At this same hour Jerry Swaim was sitting in Junius Brutus Ponk's gray runabout under the shade of the low oak-grove, gazing with burning eyes at her own kingdom built out of Kansas sand.
Mrs. Darby had hot coffee and cold chicken and cherry preserves and cake with blackberry wine all daintily served for a hungry man to enjoy after a long three hours on horseback in the sunshine. The rose-arbor was odorous with perfume from the sweet-peas, clinging to the trellis that ran between the side lawn and the grape-arbor.
What took place in that council had its results in the letter that Eugene Wellington wrote that night to Jerry Swaim. He did not mail it for several days, and when he went to his tasks on the morning after his fingers had let go of it at the lip of the iron mail-box, the artist in him said things to him that to the day of his death he would never quite forget.
Late one afternoon, a fortnight after the day of Jerry's visit to her claim, Ponk, of the Commercial Hotel and Garage, slipped into the office of the Macpherson Mortgage Company.

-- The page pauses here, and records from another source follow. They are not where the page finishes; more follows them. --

(* Let $\mathcal{M}=\langle S,\iota,\mathsf{Act},P,\mathsf{Z},\mathsf{obs}\rangle$ be an MDP. For every trace $\tau\in\mathsf{Z}^+$ and every state-risk function $r\colon S\to\mathbb{R}_{\ge0}$: $R_r(\tau)=\max_{\mathsf{bel}\in V(\mathsf{est}_{\mathsf{MDP}}(\tau))}\sum_{s\in S}\mathsf{bel}(s)\cdot r(s)$.
   Context: An MDP is a tuple $\langle S,\iota,\mathsf{Act},P,\mathsf{Z},\mathsf{obs}\rangle$: finite state set $S$, initial distribution $\iota\in\mathsf{Distr}(S)$, finite action set $\mathsf{Act}$, partial transition function $P\colon S\times\mathsf{Act}\rightharpoonup\mathsf{Distr}(S)$ (write $P(s,\alpha,s')=P(s,\alpha)(s')$), finite observation set $\mathsf{Z}$, observation function $\mathsf{obs}\colon S\to\mathsf{Distr}(\mathsf{Z})$; $\mathsf{AvAct}(s)=\{\alpha\mid P(s,\alpha)\text{ defined}\}\neq\emptyset$. A finite path is $\pi=s_0a_0\dots a_{n-1}s_n$ with $\iota(s_0)>0$, $P(s_i,a_i)(s_{i+1})>0$; $\mathrm{last}(\pi)=s_n$. A scheduler $\sigma$ maps each finite path $\pi$ to a distribution on $\mathsf{AvAct}(\mathrm{last}(\pi))$; $\Sigma$ is the set of schedulers; $\Pr^\sigma(\pi)=\iota(s_0)\prod_{i<n}\sigma(s_0a_0\dots s_i)(a_i)P(s_i,a_i)(s_{i+1})$. For a trace $\tau=z_0\dots z_n$ and path $\pi=s_0\dots s_m$, $\Pr(\tau\mid\pi)=\prod_{i=0}^n\mathsf{obs}(s_i)(z_i)$ if $m=n$, else $0$; $\mathrm{Paths}(\tau)$ are the paths with as many states as $\tau$ has observations; $\Pr^\sigma(\tau)=\sum_\pi\Pr^\sigma(\pi)\Pr(\tau\mid\pi)$; $\Pr^\sigma(\pi\mid\tau)=\Pr(\tau\mid\pi)\Pr^\sigma(\pi)/\Pr^\sigma(\tau)$ with $0/0=0$. $R_r(\tau)=\sup_{\sigma\in\Sigma}\sum_{\pi\in\mathrm{Paths}(\tau)}\Pr^\sigma(\pi\mid\tau)r(\mathrm{last}(\pi))$. Beliefs: $\mathsf{Bel}=\mathsf{Distr}(S)\cup\{\mathbf{0}\}$, viewed as vectors in $\mathbb{R}^S$. $\mathsf{est}_{\mathsf{MDP}}(z)=\{b_z\}$ with $b_z(s)=\iota(s)\mathsf{obs}(s)(z)/\sum_{\hat s}\iota(\hat s)\mathsf{obs}(\hat s)(z)$ (or $\mathbf{0}$ if the denominator vanishes), and $\mathsf{est}_{\mathsf{MDP}}(\tau\cdot z)=\bigcup_{\mathsf{bel}\in\mathsf{est}_{\mathsf{MDP}}(\tau)}\mathsf{est}^{\mathsf{up}}(\mathsf{bel},z)$, where $\mathsf{bel}'\in\mathsf{est}^{\mathsf{up}}(\mathsf{bel},z)$ iff there is $\varsigma\colon S\to\mathsf{Distr}(\mathsf{Act})$ with $\varsigma(s)$ supported in $\mathsf{AvAct}(s)$ and $\mathsf{bel}'(s')=\dfrac{\sum_s\mathsf{bel}(s)\sum_\alpha\varsigma(s)(\alpha)P(s,\alpha,s')\mathsf{obs}(s')(z)}{\sum_s\mathsf{bel}(s)\sum_\alpha\varsigma(s)(\alpha)\sum_{\hat s}P(s,\alpha,\hat s)\mathsf{obs}(\hat s)(z)}$ for all $s'$ ($0/0=0$). For $B\subseteq\mathsf{Bel}$, a belief in $B$ is interior if it is a convex combination of beliefs in $B\setminus\{\mathsf{bel}\}$; $V(B)\subseteq B$ is the set of non-interior elements (vertices of the convex hull of $B$). *)

From HB Require Import structures.
From mathcomp Require Import all_boot all_order all_algebra.
From mathcomp Require Import boolp classical_sets reals.
Set Implicit Arguments. Unset Strict Implicit. Unset Printing Implicit Defensive.
Import Order.TTheory GRing.Theory Num.Theory.
Local Open Scope ring_scope.
Local Open Scope classical_set_scope.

"York, what happens to folks that tends to other folks's affairs?" he asked, as he spread his short proportions over a chair beside York's desk.
"Sometimes they get the gratitude of posterity. More generally their portion is present contempt and future obscurity. Are you in line for promotion on that, Ponk?" York replied.
"I'm 'bout ready to take chances," Ponk said, with a good-natured grin.
"All right. Am I involved in your scheme of things?" York inquired.
"You bet you are," Ponk assured him. "And, to be brief, knowin' how valuable your time is for gougin' mortgages out of unsuspectin' victims—"
"Well, we haven't foreclosed on the Commercial Hotel and Garage yet," York interrupted.
"No, but you're likely to the minute my back's turned. That's why I have to go facin' south all the time. But to get to real business now, York—"
"I wish you would," York declared.
His caller paid no heed to the thrust, and continued, seriously, "I can't get some things off my mind, and I've got to unload, that's all."
"Go ahead. I'm your dumping-ground," York said, with a smile.
"That's what you are, you son of a horse-thief. I mean the tool of a grasping bunch of loan sharks known as the Macpherson Mortgage Company. Well, it's that young lady at your house."
"I see. We robbed you of a boarder," York suggested.
"Aw, shut up an' listen, now, will you? You know I'm a man of affairs here. Owner and proprietor and man-of-all-work at the Commercial Hotel an' Gurrage, bass soloist in the Baptist choir, and—by the removal of the late deceased incumbent—also treasurer of the board of education of the New Eden schools—"
"All of which has what to do with the young lady from Philadelphia?" York inquired, blandly.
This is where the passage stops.